_THE TASK_: Once you reach the line containing "- have := wc_step (u ++ u') (v' ++ v) Hlr." in the data below, restate each line word for word up to and including the one containing "Hypothesis idem_rel : forall".

• • • • •

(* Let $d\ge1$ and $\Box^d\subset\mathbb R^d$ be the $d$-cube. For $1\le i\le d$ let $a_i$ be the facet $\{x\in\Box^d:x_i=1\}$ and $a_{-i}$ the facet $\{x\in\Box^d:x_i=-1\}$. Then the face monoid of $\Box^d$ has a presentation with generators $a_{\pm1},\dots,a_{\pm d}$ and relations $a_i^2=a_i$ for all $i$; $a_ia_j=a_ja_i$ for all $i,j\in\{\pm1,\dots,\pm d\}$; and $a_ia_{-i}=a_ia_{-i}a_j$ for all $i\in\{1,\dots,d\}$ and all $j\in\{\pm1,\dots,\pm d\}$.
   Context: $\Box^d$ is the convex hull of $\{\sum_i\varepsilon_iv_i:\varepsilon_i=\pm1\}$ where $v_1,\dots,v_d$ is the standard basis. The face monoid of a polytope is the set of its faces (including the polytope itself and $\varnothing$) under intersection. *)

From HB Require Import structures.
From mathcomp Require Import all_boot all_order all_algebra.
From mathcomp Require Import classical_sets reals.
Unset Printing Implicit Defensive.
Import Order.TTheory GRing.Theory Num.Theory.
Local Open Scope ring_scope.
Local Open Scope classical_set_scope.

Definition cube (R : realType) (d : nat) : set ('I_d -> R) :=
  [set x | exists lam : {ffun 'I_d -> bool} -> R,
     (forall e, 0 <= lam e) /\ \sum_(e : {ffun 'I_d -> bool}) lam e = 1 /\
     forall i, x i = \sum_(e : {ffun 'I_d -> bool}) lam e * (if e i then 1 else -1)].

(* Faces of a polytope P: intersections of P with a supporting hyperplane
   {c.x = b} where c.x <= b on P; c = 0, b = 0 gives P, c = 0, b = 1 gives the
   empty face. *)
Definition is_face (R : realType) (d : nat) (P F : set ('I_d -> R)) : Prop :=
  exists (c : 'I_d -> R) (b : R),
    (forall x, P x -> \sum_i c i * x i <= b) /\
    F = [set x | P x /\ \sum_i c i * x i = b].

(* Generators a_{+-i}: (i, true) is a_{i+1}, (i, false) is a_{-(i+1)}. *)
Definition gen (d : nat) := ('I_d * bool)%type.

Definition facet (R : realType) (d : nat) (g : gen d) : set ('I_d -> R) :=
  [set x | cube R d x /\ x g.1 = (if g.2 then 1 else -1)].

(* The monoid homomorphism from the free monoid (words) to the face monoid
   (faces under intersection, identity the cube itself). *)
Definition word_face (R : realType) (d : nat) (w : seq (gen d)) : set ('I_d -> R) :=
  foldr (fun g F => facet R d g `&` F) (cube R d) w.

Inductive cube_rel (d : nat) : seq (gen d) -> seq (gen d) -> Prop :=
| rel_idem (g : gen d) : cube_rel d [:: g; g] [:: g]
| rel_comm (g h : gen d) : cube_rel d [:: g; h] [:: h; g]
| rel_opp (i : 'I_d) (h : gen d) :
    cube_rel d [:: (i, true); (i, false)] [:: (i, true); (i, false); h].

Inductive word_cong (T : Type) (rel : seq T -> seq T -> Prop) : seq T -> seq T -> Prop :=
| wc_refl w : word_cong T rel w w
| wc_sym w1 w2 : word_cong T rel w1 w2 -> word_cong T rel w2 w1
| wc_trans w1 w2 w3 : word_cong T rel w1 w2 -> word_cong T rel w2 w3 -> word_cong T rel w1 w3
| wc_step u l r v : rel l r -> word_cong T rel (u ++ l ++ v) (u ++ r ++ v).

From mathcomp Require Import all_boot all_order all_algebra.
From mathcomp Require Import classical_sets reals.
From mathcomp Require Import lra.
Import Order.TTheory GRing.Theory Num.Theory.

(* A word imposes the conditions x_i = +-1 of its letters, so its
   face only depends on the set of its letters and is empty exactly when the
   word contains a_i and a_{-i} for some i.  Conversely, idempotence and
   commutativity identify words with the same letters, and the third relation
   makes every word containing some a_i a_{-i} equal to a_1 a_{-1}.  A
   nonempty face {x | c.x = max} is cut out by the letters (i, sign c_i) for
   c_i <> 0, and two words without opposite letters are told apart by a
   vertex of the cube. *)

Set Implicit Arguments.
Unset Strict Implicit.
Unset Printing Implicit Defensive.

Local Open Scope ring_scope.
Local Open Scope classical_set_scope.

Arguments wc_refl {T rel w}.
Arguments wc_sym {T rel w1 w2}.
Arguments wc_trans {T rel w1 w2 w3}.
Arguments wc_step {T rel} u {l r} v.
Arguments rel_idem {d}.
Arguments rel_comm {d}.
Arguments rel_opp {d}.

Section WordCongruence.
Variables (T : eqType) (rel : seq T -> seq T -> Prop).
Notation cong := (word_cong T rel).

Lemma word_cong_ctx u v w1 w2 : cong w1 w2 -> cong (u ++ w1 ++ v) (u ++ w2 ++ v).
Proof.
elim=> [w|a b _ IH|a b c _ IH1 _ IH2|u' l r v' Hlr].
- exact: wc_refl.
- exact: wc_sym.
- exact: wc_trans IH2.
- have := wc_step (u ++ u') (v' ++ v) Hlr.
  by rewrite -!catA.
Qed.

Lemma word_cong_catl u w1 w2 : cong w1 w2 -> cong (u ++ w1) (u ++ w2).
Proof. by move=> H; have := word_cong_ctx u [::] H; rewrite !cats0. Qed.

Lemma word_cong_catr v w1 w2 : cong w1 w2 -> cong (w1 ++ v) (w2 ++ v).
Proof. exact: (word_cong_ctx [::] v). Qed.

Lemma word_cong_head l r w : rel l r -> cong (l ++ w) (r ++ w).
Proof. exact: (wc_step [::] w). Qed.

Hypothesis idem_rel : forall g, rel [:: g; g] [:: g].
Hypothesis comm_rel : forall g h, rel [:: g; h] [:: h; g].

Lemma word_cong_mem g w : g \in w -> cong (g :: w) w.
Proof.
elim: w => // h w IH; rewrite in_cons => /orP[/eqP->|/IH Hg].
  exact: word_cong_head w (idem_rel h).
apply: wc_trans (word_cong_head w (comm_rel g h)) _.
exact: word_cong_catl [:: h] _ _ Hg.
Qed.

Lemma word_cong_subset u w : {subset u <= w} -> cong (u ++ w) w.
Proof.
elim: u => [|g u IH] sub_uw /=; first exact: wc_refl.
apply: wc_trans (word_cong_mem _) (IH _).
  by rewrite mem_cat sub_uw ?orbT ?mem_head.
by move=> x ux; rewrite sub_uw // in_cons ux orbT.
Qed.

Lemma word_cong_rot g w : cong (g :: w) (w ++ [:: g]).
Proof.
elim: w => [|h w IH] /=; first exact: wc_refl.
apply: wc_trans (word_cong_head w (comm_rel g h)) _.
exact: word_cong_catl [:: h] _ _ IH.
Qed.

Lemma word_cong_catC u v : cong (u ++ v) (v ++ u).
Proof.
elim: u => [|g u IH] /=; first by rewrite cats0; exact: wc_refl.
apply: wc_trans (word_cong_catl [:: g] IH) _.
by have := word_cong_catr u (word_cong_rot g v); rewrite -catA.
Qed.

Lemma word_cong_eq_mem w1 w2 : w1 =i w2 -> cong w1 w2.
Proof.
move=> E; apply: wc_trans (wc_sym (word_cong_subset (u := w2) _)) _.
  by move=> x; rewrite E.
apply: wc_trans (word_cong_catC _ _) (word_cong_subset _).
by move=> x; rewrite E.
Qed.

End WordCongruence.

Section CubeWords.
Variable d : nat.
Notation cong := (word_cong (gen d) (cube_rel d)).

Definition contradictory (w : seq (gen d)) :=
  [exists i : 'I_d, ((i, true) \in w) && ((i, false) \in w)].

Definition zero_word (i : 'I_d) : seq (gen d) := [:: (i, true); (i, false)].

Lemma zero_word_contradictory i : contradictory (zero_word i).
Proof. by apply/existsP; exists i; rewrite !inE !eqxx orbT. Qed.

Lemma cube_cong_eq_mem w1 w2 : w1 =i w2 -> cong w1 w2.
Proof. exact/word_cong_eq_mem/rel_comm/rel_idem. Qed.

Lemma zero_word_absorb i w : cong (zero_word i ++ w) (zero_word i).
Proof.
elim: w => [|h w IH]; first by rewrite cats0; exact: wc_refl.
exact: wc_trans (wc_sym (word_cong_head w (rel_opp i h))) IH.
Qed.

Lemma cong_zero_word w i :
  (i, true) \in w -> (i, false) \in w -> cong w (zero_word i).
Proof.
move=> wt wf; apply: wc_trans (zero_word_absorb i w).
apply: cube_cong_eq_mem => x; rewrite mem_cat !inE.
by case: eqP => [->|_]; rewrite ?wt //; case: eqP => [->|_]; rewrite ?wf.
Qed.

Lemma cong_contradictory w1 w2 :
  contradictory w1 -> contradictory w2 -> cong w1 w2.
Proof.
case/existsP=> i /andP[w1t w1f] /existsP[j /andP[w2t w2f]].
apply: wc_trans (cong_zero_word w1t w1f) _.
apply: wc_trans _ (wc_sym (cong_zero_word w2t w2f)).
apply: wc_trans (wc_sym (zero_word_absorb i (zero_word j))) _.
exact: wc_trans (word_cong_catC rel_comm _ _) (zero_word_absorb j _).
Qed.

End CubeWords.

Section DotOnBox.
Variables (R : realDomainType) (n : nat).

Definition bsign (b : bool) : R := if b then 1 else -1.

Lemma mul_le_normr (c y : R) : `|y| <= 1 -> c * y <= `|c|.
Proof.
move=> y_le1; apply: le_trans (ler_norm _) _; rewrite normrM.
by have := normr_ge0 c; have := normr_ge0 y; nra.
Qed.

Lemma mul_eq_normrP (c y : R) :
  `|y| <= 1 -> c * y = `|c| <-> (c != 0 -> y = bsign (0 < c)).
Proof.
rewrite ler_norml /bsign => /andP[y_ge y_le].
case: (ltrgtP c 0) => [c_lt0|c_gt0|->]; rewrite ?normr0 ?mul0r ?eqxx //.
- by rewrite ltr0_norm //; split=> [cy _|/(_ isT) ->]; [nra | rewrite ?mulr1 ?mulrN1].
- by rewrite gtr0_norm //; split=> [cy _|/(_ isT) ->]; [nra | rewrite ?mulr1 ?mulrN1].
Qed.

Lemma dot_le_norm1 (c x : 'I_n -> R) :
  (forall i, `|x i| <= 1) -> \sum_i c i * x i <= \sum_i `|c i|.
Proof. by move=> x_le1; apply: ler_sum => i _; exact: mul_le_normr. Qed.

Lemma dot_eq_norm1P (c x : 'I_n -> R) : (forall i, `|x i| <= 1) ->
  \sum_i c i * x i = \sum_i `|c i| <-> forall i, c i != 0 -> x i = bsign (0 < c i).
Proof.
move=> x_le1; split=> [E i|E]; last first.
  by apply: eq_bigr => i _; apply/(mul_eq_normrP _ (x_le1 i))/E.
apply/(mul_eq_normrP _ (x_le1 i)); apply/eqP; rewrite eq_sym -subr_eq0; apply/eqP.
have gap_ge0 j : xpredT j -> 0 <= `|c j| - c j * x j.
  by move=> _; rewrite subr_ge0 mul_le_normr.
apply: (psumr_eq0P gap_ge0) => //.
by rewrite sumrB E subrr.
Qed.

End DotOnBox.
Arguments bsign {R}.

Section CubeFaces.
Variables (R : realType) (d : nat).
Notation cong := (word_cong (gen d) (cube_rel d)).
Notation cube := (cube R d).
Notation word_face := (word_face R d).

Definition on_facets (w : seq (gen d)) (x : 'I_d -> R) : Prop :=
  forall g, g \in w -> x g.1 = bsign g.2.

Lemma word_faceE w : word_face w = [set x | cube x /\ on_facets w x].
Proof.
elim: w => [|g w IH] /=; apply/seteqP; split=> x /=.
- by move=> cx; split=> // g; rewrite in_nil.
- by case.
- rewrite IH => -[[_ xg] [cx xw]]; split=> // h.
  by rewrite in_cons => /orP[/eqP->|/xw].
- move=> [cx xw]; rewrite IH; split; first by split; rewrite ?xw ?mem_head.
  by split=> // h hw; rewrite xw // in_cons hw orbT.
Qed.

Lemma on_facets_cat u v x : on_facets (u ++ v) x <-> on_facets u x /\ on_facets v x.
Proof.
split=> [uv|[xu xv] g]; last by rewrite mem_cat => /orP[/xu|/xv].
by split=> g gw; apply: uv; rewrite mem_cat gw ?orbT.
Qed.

• • • • •

_OUTPUT OF THE EXERCISE_:
- have := wc_step (u ++ u') (v' ++ v) Hlr.
  by rewrite -!catA.
Qed.

Lemma word_cong_catl u w1 w2 : cong w1 w2 -> cong (u ++ w1) (u ++ w2).
Proof. by move=> H; have := word_cong_ctx u [::] H; rewrite !cats0. Qed.

Lemma word_cong_catr v w1 w2 : cong w1 w2 -> cong (w1 ++ v) (w2 ++ v).
Proof. exact: (word_cong_ctx [::] v). Qed.

Lemma word_cong_head l r w : rel l r -> cong (l ++ w) (r ++ w).
Proof. exact: (wc_step [::] w). Qed.

Hypothesis idem_rel : forall g, rel [:: g; g] [:: g].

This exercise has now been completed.